Legendary film director Stanley Kubrick was famously closed off to interviews. A mysterious figure, top to bottom, Kubrick is a man from another time. Nowadays, anyone with even a modicum of artistic talent works overtime to make sure their intentions are heard. Not Kubrick. His work typically speaks for itself, and short of a few rare interviewers here and there, he’s happy to let that remain the case. He did, however, grant an interview to a film scholar named Michael Ciment after reading an article he wrote on Kubrick’s work. Kubrick by Kubrick takes the audio from these interviews, and lays them over appropriate footage form Kubrick’s filmography, complete with a galley of talking heads to offer color commentary.
It’s a basic film, feeling much more like a TV special than a piece of cinema, but it’s nothing short of delightful nonetheless. Film nerds will certainly bask in hearing Kubrick’s own voice as he speaks on his creative process, while newbies will likely emerge with an eye to seek out Kubrick’s work.

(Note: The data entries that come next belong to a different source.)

(* Toeplitz-Hausdorff: along [h_x = (1-x) h1 + x w h2], the phase of [w] is chosen so that the
   normalized value of [h_x] stays on the line through [z1] and [z2]; the intermediate value
   theorem then finds the point [z1 + s (z2 - z1)]. *)
Lemma Num_segment_open (z1 z2 : Cx) (s : R) : Num D A z1 -> Num D A z2 -> z1 <> z2 ->
  0 < s < 1 -> Num D A (Cadd z1 (Cmul (mkC s 0) (Csub z2 z1))).
Proof.
  intros [h1 [D1 [U1 Q1]]] [h2 [D2 [U2 Q2]]] Hz Hs.
  apply inner_self_unit in U1, U2.
  set (c := Csub z2 z1).
  assert (Hc : c <> C0).
  { intro E. apply Hz. pose proof (f_equal Re E). pose proof (f_equal Im E).
    unfold c in *; simpl in *. apply Cx_ext; lra. }
  pose proof (Cnorm2_gt0 c Hc) as Hcc. set (cc := Re c * Re c + Im c * Im c) in *.
  set (e := hinner h1 h2).
  set (P := Cmul (Csub (hinner (A h1) h2) (Cmul z1 e)) (Cconj c)).
  set (R := Cmul (Csub (hinner (A h2) h1) (Cmul z1 (Cconj e))) (Cconj c)).
  destruct (exists_real_phase (Csub P (Cconj R))) as [w [Hw0 Hw]].
  pose proof (Cnorm2_gt0 w Hw0) as Hww. set (ww := Re w * Re w + Im w * Im w) in *.
  set (hx := fun x => hadd (hscal (mkC (1 - x) 0) h1) (hscal (Cmul (mkC x 0) w) h2)).
  set (sg := Re (Cmul (Cconj w) e)).
  set (rh := Re (Cadd (Cmul (Cconj w) P) (Cmul w R))).
  assert (HN : forall x, Re (hinner (hx x) (hx x)) =
    (1 - x) * (1 - x) + 2 * x * (1 - x) * sg + x * x * ww).
  { intro x. unfold hx. rewrite inner_comb, U1, U2, (hinner_conj H h1 h2). fold e.
    unfold sg, ww. simpl. ring. }
  assert (HW : forall x, Cmul (Csub (hinner (A (hx x)) (hx x)) (Cmul z1 (hinner (hx x) (hx x))))
    (Cconj c) = mkC (x * (1 - x) * rh + x * x * ww * cc) 0).
  { intro x. unfold hx. rewrite A_comb, !inner_comb, Q1, Q2, U1, U2, (hinner_conj H h1 h2)
      by auto. fold e. apply Cx_ext.
    - unfold rh, P, R, ww, cc, c. simpl. ring.
    - transitivity (x * (1 - x) * Im (Cmul (Cconj w) (Csub P (Cconj R)))).
      + unfold P, R, c. simpl. ring.
      + rewrite Hw. simpl. ring. }
  set (phi := fun x => x * (1 - x) * rh + x * x * ww * cc
                       - s * cc * ((1 - x) * (1 - x) + 2 * x * (1 - x) * sg + x * x * ww)).
  destruct (IVT_interior phi) as [x [Hx Hphi]].
  - apply derivable_continuous. unfold phi. reg.
  - unfold phi. replace (_ - _) with (- (s * cc)) by ring.
    assert (0 < s * cc) by (apply Rmult_lt_0_compat; lra). lra.
  - unfold phi. replace (_ - _) with ((1 - s) * (ww * cc)) by ring.
    apply Rmult_lt_0_compat; [lra | nra].
  - assert (Hhx : hx x <> hzero).
    { intro Z. apply Hz. rewrite <- Q1, <- Q2.
      apply (Num_value_eq_of_dependent (1 - x) (Cmul (mkC x 0) w)); auto; lra. }
    apply (Num_of_line_relation (hx x)); [apply D_comb; auto | exact Hhx | exact Hc |].
    rewrite HW, HN. f_equal. unfold phi in Hphi. fold cc. lra.
Qed.
(* For a semiring $(S,+,\cdot)$ the following are equivalent: (i) $S$ is a quasi completely regular semiring and $E^+(S)$ is a subsemigroup of $(S,+)$; (ii) $S$ is additively quasi regular, $b^2\,\mathscr{H}^{*^{+}}\,b$ for all $b\in S$, for all $a,x\in S$ $a=a+x+a$ implies $a=a+2x+2a$, and $Reg^+S$ is a subsemigroup of $(S,+)$; (iii) $S$ is a b-lattice of nil-extensions of rectangular skew-rings and $E^+(S)$ is a subsemigroup of $(S,+)$.
   Context: A semiring $(S,+,\cdot)$ has two associative operations with $a(b+c)=ab+ac$, $(b+c)a=ba+ca$. $na$ is the $n$-fold sum of $a$; $b^2=b\cdot b$. $E^+(S)$ is the set of additive idempotents; $Reg^+S$ is the set of additively regular elements, where $a$ is additively regular if $a=a+x+a$ for some $x\in S$. $S$ is additively quasi regular if for each $a$ some $na$ is additively regular. $a$ is completely regular if there is $x$ with $a=a+x+a$, $a+x=x+a$, $a(a+x)=a+x$; $S$ is quasi completely regular if for each $a$ some $na$ is completely regular. Green's relations of $(S,+)$: $\mathscr{L}^+,\mathscr{R}^+,\mathscr{J}^+$. For additively quasi regular $S$, $m(a)$ is the least positive integer with $m(a)a$ additively regular; $a\,\mathscr{L}^{*^{+}}\,b$ iff $m(a)a\,\mathscr{L}^+\,m(b)b$, $a\,\mathscr{R}^{*^{+}}\,b$ iff $m(a)a\,\mathscr{R}^+\,m(b)b$, $\mathscr{H}^{*^{+}}=\mathscr{L}^{*^{+}}\cap\mathscr{R}^{*^{+}}$. A completely simple semiring: all elements completely regular and $\mathscr{J}^+=S\times S$. A rectangular skew-ring: completely simple semiring $K$ with $E^+(K)$ a subsemigroup of $(K,+)$. $S$ is a nil-extension of a subsemiring $K$ if $K$ is a bi-ideal ($a\in K,x\in S\Rightarrow a+x,x+a,ax,xa\in K$) and every $a\in S$ has some $na\in K$. A b-lattice is a semiring with $(S,\cdot)$ a band and $(S,+)$ a semilattice; $S$ is a b-lattice of semirings of a class if there is a congruence $\rho$ with $S/\rho$ a b-lattice and each $\rho$-class a subsemiring in that class. *)

(* No zero, no identity, no commutativity of + is assumed (as in the paper). *)
From Stdlib Require Import Arith.

Set Implicit Arguments.

Section Semiring.
Context {T : Type} (add mul : T -> T -> T).

Local Infix "+" := add.
Local Infix "*" := mul.

Definition is_semiring : Prop :=
  (forall a b c, a + (b + c) = (a + b) + c) /\
  (forall a b c, a * (b * c) = (a * b) * c) /\
  (forall a b c, a * (b + c) = a * b + a * c) /\
  (forall a b c, (b + c) * a = b * a + c * a).

(* n-fold sum n a = a + ... + a (n terms), meaningful for n >= 1 *)
Fixpoint nsum (n : nat) (a : T) : T :=
  match n with
  | O => a
  | S k => match k with O => a | _ => nsum k a + a end
  end.

Definition closed_add (P : T -> Prop) : Prop :=
  forall a b, P a -> P b -> P (a + b).

Definition subsemiring (P : T -> Prop) : Prop :=
  closed_add P /\ (forall a b, P a -> P b -> P (a * b)).

Definition Eplus (P : T -> Prop) (a : T) : Prop := P a /\ a + a = a.

Definition add_regular (a : T) : Prop := exists x, a = a + x + a.

Definition RegPlus (a : T) : Prop := add_regular a.

Definition add_quasi_regular : Prop :=
  forall a, exists n, 0 < n /\ add_regular (nsum n a).

Definition cregular_in (P : T -> Prop) (a : T) : Prop :=
  exists x, P x /\ a = a + x + a /\ a + x = x + a /\ a * (a + x) = a + x.

Definition quasi_completely_regular : Prop :=
  forall a, exists n, 0 < n /\ cregular_in (fun _ => True) (nsum n a).

(* principal ideals of the semigroup (P,+):  c in P^1 + a,  a + P^1,  P^1 + a + P^1 *)
Definition in_left_ideal (P : T -> Prop) (a c : T) : Prop :=
  c = a \/ exists u, P u /\ c = u + a.
Definition in_right_ideal (P : T -> Prop) (a c : T) : Prop :=
  c = a \/ exists u, P u /\ c = a + u.
Definition in_ideal (P : T -> Prop) (a c : T) : Prop :=
  c = a \/ (exists u, P u /\ c = u + a) \/ (exists v, P v /\ c = a + v)
  \/ (exists u v, P u /\ P v /\ c = u + a + v).

Definition Lplus (a b : T) : Prop :=
  forall c, in_left_ideal (fun _ => True) a c <-> in_left_ideal (fun _ => True) b c.
Definition Rplus (a b : T) : Prop :=
  forall c, in_right_ideal (fun _ => True) a c <-> in_right_ideal (fun _ => True) b c.
Definition Jplus_in (P : T -> Prop) (a b : T) : Prop :=
  forall c, in_ideal P a c <-> in_ideal P b c.

Definition is_m (a : T) (n : nat) : Prop :=
  0 < n /\ add_regular (nsum n a) /\
  (forall k, 0 < k -> k < n -> ~ add_regular (nsum k a)).

Definition Lstar (a b : T) : Prop :=
  exists n m, is_m a n /\ is_m b m /\ Lplus (nsum n a) (nsum m b).
Definition Rstar (a b : T) : Prop :=
  exists n m, is_m a n /\ is_m b m /\ Rplus (nsum n a) (nsum m b).
Definition Hstar (a b : T) : Prop := Lstar a b /\ Rstar a b.

Definition completely_simple (K : T -> Prop) : Prop :=
  subsemiring K /\
  (forall a, K a -> cregular_in K a) /\
  (forall a b, K a -> K b -> Jplus_in K a b).

Definition rect_skew_ring (K : T -> Prop) : Prop :=
  completely_simple K /\ closed_add (Eplus K).

Definition nil_extension (Q K : T -> Prop) : Prop :=
  subsemiring K /\ (forall a, K a -> Q a) /\
  (forall a x, K a -> Q x ->
     K (a + x) /\ K (x + a) /\ K (a * x) /\ K (x * a)) /\
  (forall a, Q a -> exists n, 0 < n /\ K (nsum n a)).

Definition blattice_of_nilext_rsr : Prop :=
  exists rho : T -> T -> Prop,
    (forall a, rho a a) /\
    (forall a b, rho a b -> rho b a) /\
    (forall a b c, rho a b -> rho b c -> rho a c) /\
    (forall a b c d, rho a b -> rho c d -> rho (a + c) (b + d)) /\
    (forall a b c d, rho a b -> rho c d -> rho (a * c) (b * d)) /\
    (* S/rho is a b-lattice: (S/rho,.) band, (S/rho,+) semilattice *)
    (forall a, rho (a * a) a) /\
    (forall a, rho (a + a) a) /\
    (forall a b, rho (a + b) (b + a)) /\
    (forall a, subsemiring (rho a) /\
       exists K : T -> Prop, rect_skew_ring K /\ nil_extension (rho a) K).
Lemma lam2_spec (p : params) (S2m : R) (j : idx) (Di : R) :
  H2 (mu2 p) S2m -> 0 < Di -> lam2_fin p Di ->
  0 < lam2 p j Di /\ mu2 p (lam2 p j Di) = Di /\ (j = i1 -> lam2 p j Di <= S2m).
Proof.
  intros Hmu HD Hfin. pose proof Hmu as [_ [H0 _]].
  assert (Hlow : lam2 p i1 Di <= S2m).
  { destruct (H2_level_on_rise _ _ _ Hmu HD Hfin) as [S1 [HS1 E1]].
    destruct (epsilon_spec (inhabits 0) _ (H2_smallest_level _ _ _ Hmu HD Hfin)) as [_ [_ Hmin]].
    specialize (Hmin S1 ltac:(lra) E1). simpl. lra. }
  destruct j.
  - destruct (epsilon_spec (inhabits 0) _ (H2_smallest_level _ _ _ Hmu HD Hfin)) as [HS [E _]].
    split; [apply (level_positive (mu2 p) Di); assumption|].
    split; [exact E | intros _; exact Hlow].
  - destruct (epsilon_spec (inhabits 0) _ (H2_largest_level _ _ _ Hmu HD Hfin)) as [HS [E _]].
    split; [apply (level_positive (mu2 p) Di); assumption|]. split; [exact E | discriminate].
Qed.

(* The equation [mu (A - k x) = D (x - b) / x] for the downstream biomass:
   [X_1^{2*}] solves it with [mu = mu1], [A = S1in], [b = X_1^{1*}], and
   [X_2^{2*}] with [mu = mu2], [A = S2in + k2 X_1^{2*}], [b = X_2^{1*}]. *)
Definition transfer_gap (mu : R -> R) (A k D b x : R) : R :=
  mu (A - k * x) - D * (x - b) / x.

Definition transfer_sol (mu : R -> R) (A k D b x : R) : Prop :=
  0 < x /\ 0 <= A - k * x /\ mu (A - k * x) = D * (x - b) / x.

Lemma transfer_rhs_strict_incr (D b x y : R) : 0 < D -> 0 < b -> 0 < x -> x < y ->
  D * (x - b) / x < D * (y - b) / y.
Proof.
  intros HD Hb Hx Hxy.
  replace (D * (x - b) / x) with (D - D * b * / x) by (field; lra).
  replace (D * (y - b) / y) with (D - D * b * / y) by (field; lra).
  assert (/ y < / x) by (apply Rinv_lt_contravar; nra).
  assert (0 < D * b) by nra. nra.
Qed.

Section Transfer.
Variables (mu : R -> R) (A k D b : R).
Hypothesis Hmu : C1_Rplus mu.
Hypothesis Hmu0 : mu 0 = 0.
Hypothesis Hmu_nonneg : forall x, 0 <= x -> 0 <= mu x.
Hypothesis Hk : 0 < k.
Hypothesis HD : 0 < D.
Hypothesis Hb : 0 < b.
Hypothesis Hroom : 0 < A - k * b.
Hypothesis Hstart : 0 < mu (A - k * b).

Let gap (x : R) : R := extend0 mu (A - k * x) - D * (x - b) / x.
Let xmax : R := A / k.

Lemma transfer_xmax : k * xmax = A.
Proof. unfold xmax. field. lra. Qed.

Lemma transfer_sol_gt (x : R) : transfer_sol mu A k D b x -> b < x.
Proof.
  intros [Hx [Hdom E]]. apply Rnot_le_lt. intros Hle.
  pose proof (Hmu_nonneg _ Hdom).
  destruct (Rle_lt_or_eq_dec _ _ Hle) as [Hlt | ->].
  - assert (D * (x - b) / x < 0); [|lra].
    apply Rdiv_neg_pos; [nra | exact Hx].
  - rewrite Rminus_eq_0 in E. unfold Rdiv in E. rewrite Rmult_0_r, Rmult_0_l in E. lra.
Qed.
Lemma sum_restr (f : R -> R) S x : f 0 = 0 ->
  \sum_i f (restr S x i 0) = \sum_(i in S) f (x i 0).
Proof. by move=> f0; rewrite [RHS]big_mkcond; apply: eq_bigr => i _; rewrite mxE; case: ifP. Qed.

Lemma restr_addC S x : restr S x + restr (~: S) x = x.
Proof.
by apply/matrixP => i j; rewrite (ord1 j) !mxE inE; case: (i \in S); rewrite ?addr0 ?add0r.
Qed.

Lemma norm2_restr_addC S x :
  norm2 x ^+ 2 = norm2 (restr S x) ^+ 2 + norm2 (restr (~: S) x) ^+ 2.
Proof.
rewrite !norm2_sqr !(sum_restr (f := fun y => y ^+ 2)) ?expr0n // (bigID (mem S)) /=.
by congr (_ + _); apply: eq_bigl => i; rewrite inE.
Qed.

Lemma dotv_restr S x : dotv x (restr S x) = norm2 (restr S x) ^+ 2.
Proof.
rewrite dotvE norm2_sqr; apply: eq_bigr => i _.
by rewrite mxE; case: ifP; rewrite ?mulr0 ?expr0n // expr2.
Qed.

Lemma sparse_restr K S x : (#|S| <= K)%N -> sparse K (restr S x).
Proof.
move=> SK; apply: leq_trans SK; apply: subset_leq_card; apply/subsetP => i.
by rewrite !inE mxE; case: (i \in S); rewrite ?eqxx.
Qed.

Lemma norm2_restr_le S x mu : (forall i, i \in S -> `|x i 0| <= mu) ->
  norm2 (restr S x) ^+ 2 <= #|S|%:R * mu ^+ 2.
Proof.
move=> xS; rewrite norm2_sqr (sum_restr (f := fun y => y ^+ 2)) ?expr0n //.
rewrite mulr_natl -sumr_const; apply: ler_sum => i iS; rewrite -real_normK ?num_real //.
by rewrite lerXn2r ?nnegrE ?(le_trans _ (xS i iS)) ?xS.
Qed.

Section DisjointFamily.
Variables (N : nat) (P : 'I_N -> {set 'I_k}).
Hypothesis disjP : forall j j', j != j' -> [disjoint P j & P j'].

Lemma sum_restr_bigcup x : \sum_j restr (P j) x = restr (\bigcup_j P j) x.
Proof.
apply/matrixP => i c; rewrite (ord1 c) summxE mxE.
rewrite (eq_bigr (fun j => if i \in P j then x i 0 else 0)) => [|j _]; last by rewrite mxE.
rewrite -big_mkcond /=.
case: bigcupP => [[j0 _ ij0]|nij]; last first.
  by rewrite big_pred0 // => j; apply/negP => ij; apply: nij; exists j.
rewrite (big_pred1 j0) // => j; apply/idP/eqP => [ij|->//].
by apply/eqP; apply: contraTT ij0 => /disjP/disjointFr/(_ ij) ->.
Qed.

Lemma norm2_restr_bigcup x :
  norm2 (restr (\bigcup_j P j) x) ^+ 2 = \sum_j norm2 (restr (P j) x) ^+ 2.
Proof.
rewrite norm2_sqr (sum_restr (f := fun y => y ^+ 2)) ?expr0n // partition_disjoint_bigcup //.
by apply: eq_bigr => j _; rewrite norm2_sqr (sum_restr (f := fun y => y ^+ 2)) ?expr0n.
Qed.

Lemma normqq_restr_bigcup q x : 0 < q ->
  normqq q (restr (\bigcup_j P j) x) = \sum_j normqq q (restr (P j) x).
Proof.
move=> q0; have f0 : `|0 : R| `^ q = 0 by rewrite normr0 powR0 // gt_eqF.
rewrite /normqq (sum_restr (f := fun y => `|y| `^ q)) // partition_disjoint_bigcup //.
by apply: eq_bigr => j _; rewrite (sum_restr (f := fun y => `|y| `^ q)).
Qed.

End DisjointFamily.

End FixedDimension.

Lemma dotv_trmx m k (M : 'M[R]_(m, k)) (u : 'cV[R]_m) (v : 'cV[R]_k) :
  dotv (M^T *m u) v = dotv u (M *m v).
Proof. by rewrite /dotv trmx_mul trmxK mulmxA. Qed.

End ColumnVectors.

Section LowerFrameBound.
Variables (R : realType) (n d : nat) (D : 'M[R]_(n, d)) (L : R).
Hypotheses (L0 : 0 < L) (DL : forall f, L * norm2 f ^+ 2 <= norm2 (D^T *m f) ^+ 2).
(* There exists an absolute constant $c_1>0$ with the following property. Let $(m_n)$ and $(M_n)$ be sequences with $0<m_n\le M_n$ and $M_n/m_n=o(n)$ as $n\to\infty$. Then for all sufficiently large $n$, every $V\in\mathcal{L}_n(m_n,M_n)$ is invertible and \[ \bigl\|V^{-1}-S\bigr\|\le \frac{c_1 M_n^2}{m_n^3 (n-1)^2}, \] where $S=S(V)$ is the matrix associated with $V$ defined in the context.
   Context: For a matrix $A=(a_{i,j})$, $\|A\|:=\max_{i,j}|a_{i,j}|$. Class $\mathcal{L}_n(m,M)$: for $0<m\le M$, a $(2n-1)\times(2n-1)$ real symmetric matrix $V=(v_{i,j})$ belongs to $\mathcal{L}_n(m,M)$ if: (i) $v_{i,j}=0$ whenever $i\ne j$ and both $i,j\in\{1,\dots,n\}$, or both $i,j\in\{n+1,\dots,2n-1\}$; (ii) $v_{i,n+i}=v_{n+i,i}=0$ for $i=1,\dots,n-1$; (iii) $m\le v_{i,j}=v_{j,i}\le M$ for $i\in\{1,\dots,n\}$, $j\in\{n+1,\dots,2n-1\}$, $j\neq n+i$; (iv) $m\le v_{i,i}-\sum_{j=n+1}^{2n-1}v_{i,j}\le M$ for $i=1,\dots,n-1$, and $v_{n,n}=\sum_{j=n+1}^{2n-1}v_{n,j}$; (v) $v_{i,i}=\sum_{k=1}^n v_{k,i}$ for $i=n+1,\dots,2n-1$. Associated quantities: $v_{2n,i}=v_{i,2n}:=v_{i,i}-\sum_{j=1,j\ne i}^{2n-1}v_{i,j}$ for $i=1,\dots,2n-1$, and $v_{2n,2n}:=\sum_{i=1}^{2n-1}v_{2n,i}$. The $(2n-1)\times(2n-1)$ matrix $S=(s_{i,j})$ is defined by $s_{i,j}=\delta_{i,j}/v_{i,i}+1/v_{2n,2n}$ if $i,j\in\{1,\dots,n\}$ or $i,j\in\{n+1,\dots,2n-1\}$, and $s_{i,j}=-1/v_{2n,2n}$ if one of $i,j$ lies in $\{1,\dots,n\}$ and the other in $\{n+1,\dots,2n-1\}$; here $\delta_{i,j}$ is the Kronecker delta. *)

(* Indices are 0-based: paper index p corresponds to i = p-1.
   First block {1..n}  <-> i < n ; second block {n+1..2n-1} <-> n <= i < 2n-1. *)
From HB Require Import structures.
From mathcomp Require Import all_boot all_order all_algebra.
Set Implicit Arguments. Unset Strict Implicit. Unset Printing Implicit Defensive.
Import Order.TTheory GRing.Theory Num.Theory.
Local Open Scope ring_scope.

Notation dimL n := ((n.*2).-1)%N.

Definition mxnorm (R : realFieldType) (p q : nat) (A : 'M[R]_(p, q)) : R :=
  \big[Num.max/0]_(i < p) \big[Num.max/0]_(j < q) `|A i j|.

Definition inL (R : realFieldType) (n : nat) (m M : R) (V : 'M[R]_(dimL n)) : Prop :=
  V^T = V /\
      (forall i j : 'I_(dimL n), i != j -> ((i < n)%N = (j < n)%N) -> V i j = 0) /\
      (forall i j : 'I_(dimL n), (i < n.-1)%N -> (j : nat) = (n + i)%N ->
          V i j = 0 /\ V j i = 0) /\
      (forall i j : 'I_(dimL n), (i < n)%N -> (n <= j)%N -> (j : nat) != (n + i)%N ->
          m <= V i j <= M /\ V i j = V j i) /\
      (forall i : 'I_(dimL n), (i < n.-1)%N ->
          m <= V i i - \sum_(j < dimL n | (n <= j)%N) V i j <= M) /\
      (forall i : 'I_(dimL n), (i : nat) = n.-1 ->
          V i i = \sum_(j < dimL n | (n <= j)%N) V i j) /\
      (forall i : 'I_(dimL n), (n <= i)%N ->
          V i i = \sum_(k < dimL n | (k < n)%N) V k i).

(* v_{2n,i} = v_{i,i} - sum_{j <> i} v_{i,j} *)
Definition vlast (R : realFieldType) (n : nat) (V : 'M[R]_(dimL n)) (i : 'I_(dimL n)) : R :=
  V i i - \sum_(j < dimL n | j != i) V i j.

(* v_{2n,2n} = sum_i v_{2n,i} *)
Definition vcorner (R : realFieldType) (n : nat) (V : 'M[R]_(dimL n)) : R :=
  \sum_(i < dimL n) vlast V i.

Definition Smat (R : realFieldType) (n : nat) (V : 'M[R]_(dimL n)) : 'M[R]_(dimL n) :=
  \matrix_(i, j)
    if ((i < n)%N == (j < n)%N)
    then (if i == j then (V i i)^-1 else 0) + (vcorner V)^-1
    else - (vcorner V)^-1.

From HB Require Import structures.
From mathcomp Require Import all_boot all_order all_algebra.
From mathcomp Require Import ring lra zify.
Import Order.TTheory GRing.Theory Num.Theory.
Set Implicit Arguments. Unset Strict Implicit. Unset Printing Implicit Defensive.
Local Open Scope ring_scope.

(* Flipping the sign of the second block, x := blocksign * w, turns V w = f into
   rows of the form  v_kk x_k - sum_l |v_kl| x_l = +-f_k  with v_kk = a_k + sum_l |v_kl|,
   where a_k = v_{2n,k} >= 0 vanishes on the second block.  This is a discrete maximum
   principle: if [lo, hi] contains x, then comparing the rows where x is extremal on the
   first block, each of which sees all but one vertex of the second block with weight
   at least m, gives (n - 3) m (hi - lo) <= 2 (max |f| + n M delta), while the identity
   sum_k a_k x_k = sum_k +-f_k pins the level of x to within
   delta = (max |f| + |sum_k +-f_k|) / ((n - 1) m).
   A column of V^-1 - S solves such a system with right-hand side of size O(M / (n m)),
   which yields the bound; the case f = 0 gives invertibility. *)

Lemma ler_sum_but_one (R : realFieldType) (I : finType) (P Q : pred I)
    (z y : I -> R) (m r : R) :
  0 <= m -> 0 <= r -> (forall i j, P i -> P j -> Q i -> Q j -> i = j) ->
  (forall i, P i -> 0 <= z i) -> (forall i, P i -> ~~ Q i -> m <= z i) ->
  (forall i, P i -> 0 <= y i <= r) ->
  m * (\sum_(i : I | P i) y i - r) <= \sum_(i : I | P i) z i * y i.
Proof.
move=> m_ge0 r_ge0 Q_uniq z_ge0 z_ge y_bd.
have my_le i : P i -> ~~ Q i -> m * y i <= z i * y i.
  by move=> Pi nQi; case/andP: (y_bd i Pi) => y_ge0 _; rewrite ler_wpM2r ?z_ge.
case: (pickP (fun i => P i && Q i)) => [i0 /andP[Pi0 Qi0] | noQ]; last first.
  have : m * \sum_(i : I | P i) y i <= \sum_(i : I | P i) z i * y i.
    rewrite mulr_sumr; apply: ler_sum => i Pi; apply: my_le => //.
    by move: (noQ i); rewrite Pi /= => ->.
  by move=> h; have := mulr_ge0 m_ge0 r_ge0; lra.
rewrite (bigD1 i0) // [X in _ <= X](bigD1 i0) //=.
have : m * \sum_(i : I | P i && (i != i0)) y i <= \sum_(i : I | P i && (i != i0)) z i * y i.
  rewrite mulr_sumr; apply: ler_sum => i /andP[Pi ne_i]; apply: my_le => //.
  by apply: contra ne_i => Qi; rewrite (Q_uniq i i0).
case/andP: (y_bd i0 Pi0) => y_ge0 y_le.
move=> h; have := mulr_ge0 (z_ge0 i0 Pi0) y_ge0; have := ler_wpM2l m_ge0 y_le; lra.
Qed.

I know I’m ready to revisit my favorite holiday movie, Eyes Wide Shut, as soon as this festival ends.
One thing I really appreciated about the film is the way it demythologizes many of the stories we hear about Kubrick, namely that he’s practically a dictator on set. The film makes it clear that yes, he was a perfectionist, but he was patient, not abusive, and willing to devote an entire day to a single shot if need be. One talking head, Shelley Duvall, speaks of her experience shooting the baseball bat scene from The Shining over a hundred times. She makes note that it was difficult, but that she could see the process refining and perfecting the scene almost automatically. According to her, Kubrick knew that by running the scene ad nauseam, craft would naturally give way to truth. I think the results speak for themselves.